Advances in any technology are not cheap, but mass produced - all technology is cheap. Medical included. Problem with medical technology and it's cost is artificial, if GE would make 1000000 imagers instead of 1000, they would cost $1000 each instead of $100000 each. High margins due to specific business model drive this costs, not regular market forces or technological bariers.
yes, except by the time siad manufacturer figured out the way to mass produce the imaging machine cheaper and faster, some other manufacturer figured out how to make another imaging device that is more accurate. It is more expensive, but consumers of healthcare services would prefere the more expensive machine for greater accuracy of diagnosis...
I was not talking about actual madical professionals like nurses and doctors. For those - no argument . I'm talking about technicians who make all the test equipment , X-Ray machines and image scanners work, as well as people who make computers operate and keep electricity flowing.
All those peoples work is in no way diffrent or more complicated or requires any more skills than the same jobs in any other industry.

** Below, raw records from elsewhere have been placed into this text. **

(* In the Mallows setting, $W(1,0)=1$, and for every $N\ge2$ and $0\le k\le N-1$, $$W(N,k)=\theta\,[N-1]_\theta\,W(N-1,k)+\theta^{N-k-1}\,[k]_\theta\,[N-2]_\theta!,$$ where $W(N-1,N-1):=0$.
   Context: Permutations of $\{1,\dots,N\}$ are written in one-line notation; $\mathfrak S_N$ is the set of all of them. An entry $\pi_j$ is a left-to-right maximum if $\pi_j>\pi_i$ for all $i<j$. $\mathrm{inv}(\pi)$ is the number of pairs $i<j$ with $\pi_i>\pi_j$. For $0\le k\le N-1$, a permutation $\pi\in\mathfrak S_N$ is $k$-winnable if the first index $j>k$ such that $\pi_j$ is a left-to-right maximum satisfies $\pi_j=N$. Mallows setting: - $W(N,k)=\sum_{k\text{-winnable }\pi\in\mathfrak S_N}\theta^{\mathrm{inv}(\pi)}$, with $W(N,N):=0$; - $[m]_\theta=1+\theta+\cdots+\theta^{m-1}$ (so $[0]_\theta=0$); - $[m]_\theta!=[1]_\theta[2]_\theta\cdots[m]_\theta$, with $[0]_\theta!=1$. *)

From mathcomp Require Import all_boot all_order all_algebra all_fingroup.
Set Implicit Arguments. Unset Strict Implicit. Unset Printing Implicit Defensive.
Import GRing.Theory.
Local Open Scope ring_scope.

(* Permutations of {1..N} are modelled as s : 'S_N = {perm 'I_N}; position
   j (1-based) corresponds to the ordinal j-1, value v (1-based) to v-1.
   So pi_j = (s (j-1)) + 1. *)

Definition ltr_max N (s : 'S_N) (j : 'I_N) : bool :=
  [forall i : 'I_N, (i < j)%N ==> (s i < s j)%N].

Definition inv N (s : 'S_N) : nat :=
  #|[set p : 'I_N * 'I_N | (p.1 < p.2)%N && (s p.2 < s p.1)%N]|.

(* k-winnable: the first 1-based index j > k (i.e. 0-based position >= k)
   that is a left-to-right maximum carries the value N (0-based: N-1). *)
Definition winnable N (k : nat) (s : 'S_N) : bool :=
  [exists j : 'I_N,
     [&& (k <= j)%N, ltr_max s j,
         [forall i : 'I_N, ((k <= i)%N && (i < j)%N) ==> ~~ ltr_max s i]
       & (s j == N.-1 :> nat)]].

(* Mallows weighted count; W N N = 0 automatically (no position >= N),
   and we also force W N k = 0 for k >= N to match the convention W(N,N):=0. *)
Definition W (R : comRingType) (theta : R) (N k : nat) : R :=
  if (k < N)%N then \sum_(s : 'S_N | winnable k s) theta ^+ inv s else 0.

Definition qint (R : comRingType) (theta : R) (m : nat) : R :=
  \sum_(i < m) theta ^+ i.
Definition qfact (R : comRingType) (theta : R) (m : nat) : R :=
  \prod_(1 <= i < m.+1) qint theta i.

(* Every s in S_(n+1) is uniquely  extend v t : its last entry is v and its
   first n entries are order-isomorphic to t in S_n.  Appending v creates
   exactly n - v new inversions (one with each earlier, larger entry), does
   not change which of the first n positions are left-to-right maxima, and
   makes the last position a left-to-right maximum iff v is the largest value.
   Hence, with  weight P = sum_(t | P t) theta^inv(t),  any predicate P on
   S_(n+1) that reduces to Q on t whenever v is not maximal satisfies
     weight P = theta [n] weight Q + weight (P restricted to v maximal)
   (lemma weight_extend).  Applied to all permutations it gives the Mahonian
   identity sum theta^inv = [n]!; applied to k-winnability it gives
     W(n+1,k) = theta [n] W(n,k) + G(n,k),
   where G(n,k) weighs the permutations with no left-to-right maximum at a
   position >= k; applied to that predicate it gives G(n+1,k) = theta [n] G(n,k)
   and G(n,n) = [n]!, whence G(n+1,k) = theta^(n+1-k) [k] [n]!. *)

From Pilot Require Import Defs.
From mathcomp Require Import all_boot all_order all_algebra all_fingroup.
From mathcomp Require Import zify ring.
Set Implicit Arguments. Unset Strict Implicit. Unset Printing Implicit Defensive.
Import GRing.Theory.

Lemma ltn_lift2 n (h : 'I_n.+1) (i j : 'I_n) : (lift h i < lift h j) = (i < j).
Proof. by rewrite /= !ltnNge leq_bump2. Qed.

Lemma ltn_lift_self n (h : 'I_n.+1) (i : 'I_n) : (h < lift h i) = (h <= i).
Proof. by rewrite /= /bump; case: leqP => /= ?; lia. Qed.

(* extend v t: the permutation of {0..n} whose last entry is v and whose
   first n entries are those of t, with the values >= v shifted up by one. *)
Definition extend n (v : 'I_n.+1) (t : 'S_n) : 'S_n.+1 := lift_perm ord_max v t.

Lemma extend_last n (v : 'I_n.+1) (t : 'S_n) : extend v t ord_max = v.
Proof. exact: lift_perm_id. Qed.

Lemma extend_lift n (v : 'I_n.+1) (t : 'S_n) i :
  extend v t (lift ord_max i) = lift v (t i).
Proof. exact: lift_perm_lift. Qed.

Lemma extend_inj n : injective (fun p : 'I_n.+1 * 'S_n => extend p.1 p.2).
Proof.
move=> [v t] [v' t'] /= eq_ext.
have eq_v : v = v' by rewrite -(extend_last v t) eq_ext extend_last.
congr (_, _) => //; apply/permP => i; apply: (@lift_inj _ v).
by rewrite -extend_lift eq_ext extend_lift eq_v.
Qed.

Lemma extend_bij n : bijective (fun p : 'I_n.+1 * 'S_n => extend p.1 p.2).
Proof.
apply: inj_card_bij (@extend_inj n) _.
by rewrite card_prod card_ord !card_Sn factS.
Qed.

Lemma sum_Sn_extend (M : nmodType) n (P : pred 'S_n.+1) (F : 'S_n.+1 -> M) :
  (\sum_(s | P s) F s =
     \sum_(v : 'I_n.+1) \sum_(t | P (extend v t)) F (extend v t))%R.
Proof.
rewrite pair_big_dep (reindex _ (onW_bij _ (extend_bij n))).
by apply: eq_bigl => -[v t].
Qed.

Lemma inv_sum n (s : 'S_n) :
  Defs.inv s = \sum_(j < n) \sum_(i < n) ((i < j) && (s j < s i)).
Proof.
rewrite /Defs.inv exchange_big pair_big /= cardsE -sum1_card big_mkcond /=.
by apply: eq_bigr => p _; rewrite unfold_in; case: ifP.
Qed.

Lemma sum_ord_recr_lift n (F : 'I_n.+1 -> nat) :
  \sum_(i < n.+1) F i = \sum_(i < n) F (lift ord_max i) + F ord_max.
Proof.
rewrite big_ord_recr; congr (_ + _); apply: eq_bigr => i _.
by congr F; apply: val_inj; rewrite [RHS]lift_max.
Qed.

Lemma count_ge n v : \sum_(u < n) (v <= u) = n - v.
Proof.
elim: n => [|n IH]; first by rewrite big_ord0.
by rewrite big_ord_recr /= IH; case: leqP => /= ?; lia.
Qed.

(* Appending the value v adds one inversion per earlier larger entry, that is,
   n - v of them. *)
Lemma inv_extend n (v : 'I_n.+1) (t : 'S_n) :
  Defs.inv (extend v t) = Defs.inv t + (n - v).
Proof.
rewrite !inv_sum sum_ord_recr_lift; congr (_ + _).
  apply: eq_bigr => j _.
  rewrite sum_ord_recr_lift lift_max ltnNge (ltnW (ltn_ord j)) addn0.
  by apply: eq_bigr => i _; rewrite !extend_lift !lift_max ltn_lift2.
rewrite sum_ord_recr_lift ltnn addn0 extend_last -(count_ge n v).
rewrite (reindex_perm t^-1%g); apply: eq_bigr => i _.
by rewrite extend_lift permKV lift_max ltn_ord ltn_lift_self.
Qed.

Lemma ltr_max_last n (s : 'S_n.+1) : ltr_max s ord_max = (s ord_max == ord_max).
Proof.
apply/forallP/eqP => [is_max | s_last i].
  have top_pos : s (s^-1%g ord_max) = ord_max by rewrite permKV.
  case: (unliftP ord_max (s^-1%g ord_max)) top_pos => [i ->|-> //] top_pos.
  have := is_max (lift ord_max i); rewrite top_pos lift_max ltn_ord /=.
  by rewrite ltnNge -ltnS ltn_ord.
apply/implyP => lt_i; have ne_top : s i != ord_max.
  by rewrite -s_last (inj_eq perm_inj) neq_ltn lt_i.
by rewrite s_last /= ltn_neqAle -ltnS ltn_ord andbT.
Qed.

Lemma ltr_max_extend_lift n (v : 'I_n.+1) (t : 'S_n) j :
  ltr_max (extend v t) (lift ord_max j) = ltr_max t j.
Proof.
apply/forallP/forallP => is_max i.
  by have := is_max (lift ord_max i); rewrite !extend_lift !lift_max ltn_lift2.
case: (unliftP ord_max i) => [i' ->|->].
  by rewrite !extend_lift !lift_max ltn_lift2; exact: is_max.
by rewrite lift_max ltnNge (ltnW (ltn_ord j)).
Qed.

Lemma ltr_max_extend_last n (v : 'I_n.+1) (t : 'S_n) :
  ltr_max (extend v t) ord_max = (v == ord_max).
Proof. by rewrite ltr_max_last extend_last. Qed.

Definition no_record_from n k (t : 'S_n) : bool :=
  [forall i : 'I_n, (k <= i) ==> ~~ ltr_max t i].

Lemma no_record_before_extend n (v : 'I_n.+1) (t : 'S_n) k (j : 'I_n) :
  [forall i : 'I_n.+1, (k <= i < lift ord_max j) ==> ~~ ltr_max (extend v t) i]
  = [forall i : 'I_n, (k <= i < j) ==> ~~ ltr_max t i].
Proof.
apply/forallP/forallP => no_rec i.
  by have := no_rec (lift ord_max i); rewrite !lift_max ltr_max_extend_lift.
case: (unliftP ord_max i) => [i' ->|->].
  by rewrite !lift_max ltr_max_extend_lift; exact: no_rec.
by rewrite lift_max ltnNge (ltnW (ltn_ord j)) andbF.
Qed.

Lemma extend_lift_eq_top n (v : 'I_n.+1) (t : 'S_n) j : v < n ->
  (extend v t (lift ord_max j) == n.+1.-1 :> nat) = (t j == n.-1 :> nat).
Proof.
by move=> lt_v; rewrite extend_lift /= /bump; have := ltn_ord (t j);
  case: leqP => /= ? ?; apply/eqP/eqP; lia.
Qed.

Lemma winnable_extend_low n (v : 'I_n.+1) (t : 'S_n) k : v < n ->
  winnable k (extend v t) = winnable k t.
Proof.
move=> lt_v; apply/existsP/existsP => [[j]|[j]].
  case: (unliftP ord_max j) => [j' ->|->] /and4P[le_kj rec_j no_rec top_j].
    rewrite no_record_before_extend in no_rec.
    rewrite lift_max in le_kj; rewrite ltr_max_extend_lift in rec_j.
    rewrite (extend_lift_eq_top _ _ lt_v) in top_j.
    by exists j'; rewrite le_kj rec_j top_j no_rec.
  by move: top_j; rewrite extend_last /= => /eqP eq_v; rewrite eq_v ltnn in lt_v.
move=> /and4P[le_kj rec_j no_rec top_j]; exists (lift ord_max j).
rewrite no_record_before_extend no_rec lift_max le_kj ltr_max_extend_lift rec_j.
by rewrite (extend_lift_eq_top _ _ lt_v).
Qed.

(* Appending the maximal value makes the permutation k-winnable exactly when
   t had no left-to-right maximum at positions >= k: the winning record is
   then the last position. *)
Lemma winnable_extend_top n (t : 'S_n) k : k <= n ->
  winnable k (extend ord_max t) = no_record_from k t.
Proof.
move=> le_kn; apply/existsP/forallP => [[j] win i | no_rec].
  case: (unliftP ord_max j) win => [j' ->|->] /and4P[_ _ no_rec_j top_j].
    by rewrite extend_lift lift_max /= ltn_eqF in top_j.
  have := forallP no_rec_j (lift ord_max i).
  by rewrite ltr_max_extend_lift lift_max ltn_ord andbT.
exists ord_max; rewrite le_kn ltr_max_extend_last extend_last !eqxx andbT /=.
apply/forallP => i; case: (unliftP ord_max i) => [i' ->|->].
  by rewrite ltr_max_extend_lift lift_max ltn_ord andbT; exact: no_rec.
by rewrite ltnn andbF.
Qed.

Lemma no_record_extend n (v : 'I_n.+1) (t : 'S_n) k : k <= n ->
  no_record_from k (extend v t) = (v != ord_max) && no_record_from k t.
Proof.
move=> le_kn; apply/forallP/andP => [no_rec | [ne_v no_rec] i].
  split; first by have := no_rec ord_max; rewrite ltr_max_extend_last le_kn.
  apply/forallP => i; have := no_rec (lift ord_max i).
  by rewrite lift_max ltr_max_extend_lift.
case: (unliftP ord_max i) => [i' ->|->].
  by rewrite lift_max ltr_max_extend_lift; exact: (forallP no_rec i').
by rewrite ltr_max_extend_last (negbTE ne_v) implybT.
Qed.

Lemma no_record_from_size n (t : 'S_n) : no_record_from n t.
Proof. by apply/forallP => i; rewrite leqNgt ltn_ord. Qed.

Lemma winnable_size n (t : 'S_n) : winnable n t = false.
Proof. by apply/negbTE/existsP => -[j /andP[]]; rewrite leqNgt ltn_ord. Qed.

Local Open Scope ring_scope.

Section Weights.
Variables (R : comRingType) (theta : R).

Definition weight n (P : pred 'S_n) : R := \sum_(t | P t) theta ^+ Defs.inv t.

Lemma qintS n : qint theta n.+1 = 1 + theta * qint theta n.
Proof.
rewrite /qint big_ord_recl expr0 mulr_sumr; congr (_ + _).
by apply: eq_bigr => i _; rewrite -exprS.
Qed.

(* The weights theta^(n-i) of the n non-maximal appended values sum to
   theta [n]. *)
Lemma sum_pow_rev n : \sum_(i < n) theta ^+ (n - i) = theta * qint theta n.
Proof.
rewrite /qint mulr_sumr (reindex_inj rev_ord_inj); apply: eq_bigr => i _.
by rewrite -exprS; congr (_ ^+ _); have := ltn_ord i; rewrite /=; lia.
Qed.

(* Master recursion: split S_(n+1) by the appended value v; for v < n the
   predicate reduces to Q and the new inversions contribute theta [n]. *)
Lemma weight_extend n (P : pred 'S_n.+1) (Q : pred 'S_n) :
  (forall (i : 'I_n) t, P (extend (lift ord_max i) t) = Q t) ->
  weight P = theta * qint theta n * weight Q
             + weight (fun t => P (extend ord_max t)).
Proof.
move=> PQ; rewrite /weight sum_Sn_extend (bigD1_ord ord_max) //= addrC.
congr (_ + _); last by apply: eq_bigr => t _; rewrite inv_extend subnn addn0.
rewrite -sum_pow_rev mulr_suml; apply: eq_bigr => i _ /=.
rewrite mulr_sumr; apply: eq_big => [t | t _]; first exact: PQ.
by rewrite inv_extend lift_max exprD mulrC.
Qed.

Lemma qfactS n : qfact theta n.+1 = qfact theta n * qint theta n.+1.
Proof. by rewrite /qfact big_nat_recr. Qed.

Lemma weight_all n : weight (fun _ : 'S_n => true) = qfact theta n.
Proof.
elim: n => [|n IHn].
  rewrite /weight /qfact big_geq // (eq_bigr (fun _ => 1)) => [|t _].
    by rewrite sumr_const card_Sn.
  by rewrite inv_sum big_ord0.
rewrite (@weight_extend _ _ (fun _ => true)) // IHn qfactS qintS; ring.
Qed.

(* G(n+1,k) = theta [n] G(n,k): the last entry of such a permutation is never
   the maximum. *)
Lemma weight_no_record n k : (k <= n)%N ->
  weight (@no_record_from n.+1 k) =
    theta * qint theta n * weight (@no_record_from n k).
Proof.
move=> le_kn; rewrite (@weight_extend _ _ (no_record_from k)) => [|i t].
  by rewrite [X in _ + X]big_pred0 ?addr0 // => t; rewrite no_record_extend // eqxx.
by rewrite no_record_extend // eq_sym neq_lift.
Qed.

Lemma weight_no_record_size n : weight (@no_record_from n n) = qfact theta n.
Proof. by rewrite -weight_all; apply: eq_bigl => t; rewrite no_record_from_size. Qed.

Lemma weight_no_record_closed n k : (k <= n.+1)%N ->
  weight (@no_record_from n.+1 k) =
    theta ^+ (n.+1 - k) * qint theta k * qfact theta n.
Proof.
elim: n k => [|n IHn] k; rewrite leq_eqVlt => /orP[/eqP -> | lt_kn];
  try by rewrite weight_no_record_size subnn qfactS; ring.
  rewrite weight_no_record // (_ : k = 0)%N; last by case: k lt_kn.
  by rewrite /qint big_ord0; ring.
rewrite weight_no_record // IHn // qfactS (subSn (ltnSE lt_kn)) exprS; ring.
Qed.

Lemma weight_winnable n k : (k <= n)%N ->
  weight (@winnable n.+1 k) =
    theta * qint theta n * weight (@winnable n k) + weight (@no_record_from n k).
Proof.
move=> le_kn; rewrite (@weight_extend _ _ (winnable k)) => [|i t].
  by congr (_ + _); apply: eq_bigl => t; rewrite winnable_extend_top.
by rewrite winnable_extend_low // lift_max ltn_ord.
Qed.

Lemma W_weight n k : (k <= n)%N -> W theta n k = weight (@winnable n k).
Proof.
rewrite /W leq_eqVlt => /orP[/eqP -> | -> //].
by rewrite ltnn /weight big_pred0 // => t; rewrite winnable_size.
Qed.

End Weights.

(* For N = m+2 combine the recursion for W(m+2,k) with the closed form of
   G(m+1,k); the case N = 1 is W(1,0) = theta [0] W(0,0) + G(0,0) = 1. *)
Theorem theorem6p3 (R : comRingType) (theta : R) :
  W theta 1 0 = 1 /\
  (forall N k : nat, (2 <= N)%N -> (k <= N.-1)%N ->
     W theta N k =
       theta * qint theta N.-1 * W theta N.-1 k
       + theta ^+ (N - k - 1) * qint theta k * qfact theta (N - 2)).
Proof.
split.
  rewrite W_weight // weight_winnable // weight_no_record_size.
  by rewrite /qint big_ord0 mulr0 mul0r add0r /qfact big_geq.
case=> [|[|m]] // k _ /= le_k.
rewrite W_weight ?(leq_trans le_k) // weight_winnable // -W_weight //.
rewrite weight_no_record_closed //.
by congr (_ + theta ^+ _ * _ * qfact theta _); lia.
Qed.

If someone can operate computer at a toy factory, he/she will be able to operate computer in a hospital, if someone can fix a TV, he can fix hearth beat monitor or an Imaging machine. Trust me, there is no difference.
So all this "must know Medical One system " is pure BS and an attempt to keep "our" numbers small and "our" salaries high. ;)
It depends on what types of operations are performed by said systems.
In the Hospital environment there are some systems, which deal with billing and other administrative stuff.. On those systems I agree with you. they are strictly financial in nature. There are other systems, which are used to transmit lab results, diagnosis, blood types... For those systems there is no room for errors and glitches. Transfusing someone with incorrect blood type because of the system errors can kill a person within a matter of minutes. Prescribing incorrect medication because the system transmitted incorrect lab results cam kill or cause permanent damage within days.
The same goes for levels of stress. When I worked ina clinical environment, my error could have easily resulted in someone's death; however, when I went to work fo a health insurance company, I quickly realized that any error I made was fixable. At worst, someone would be overcharged by a few hundred bucks, wich can be fixed on their next month's billing statement. KGB, please believe me when I say that there is a HUGE difference. The thought of your error killing someone is haunting!!!!! There are literally thousands of people who leave clinical and near-clinical jobs for other industries because they are simply unable to live with this kind of stress.
It is just like the difference between a TV used for entertainment VS an imaging screen used for diagnosting cancer.
In the insurance company environment there is a lot less risk. Most systems are administrative or financial and there are a lot less requirements for industry-specific experience... Of course... there are exceptions. Kaiser, for example, is famous for hiring ONLY people with healthcare background.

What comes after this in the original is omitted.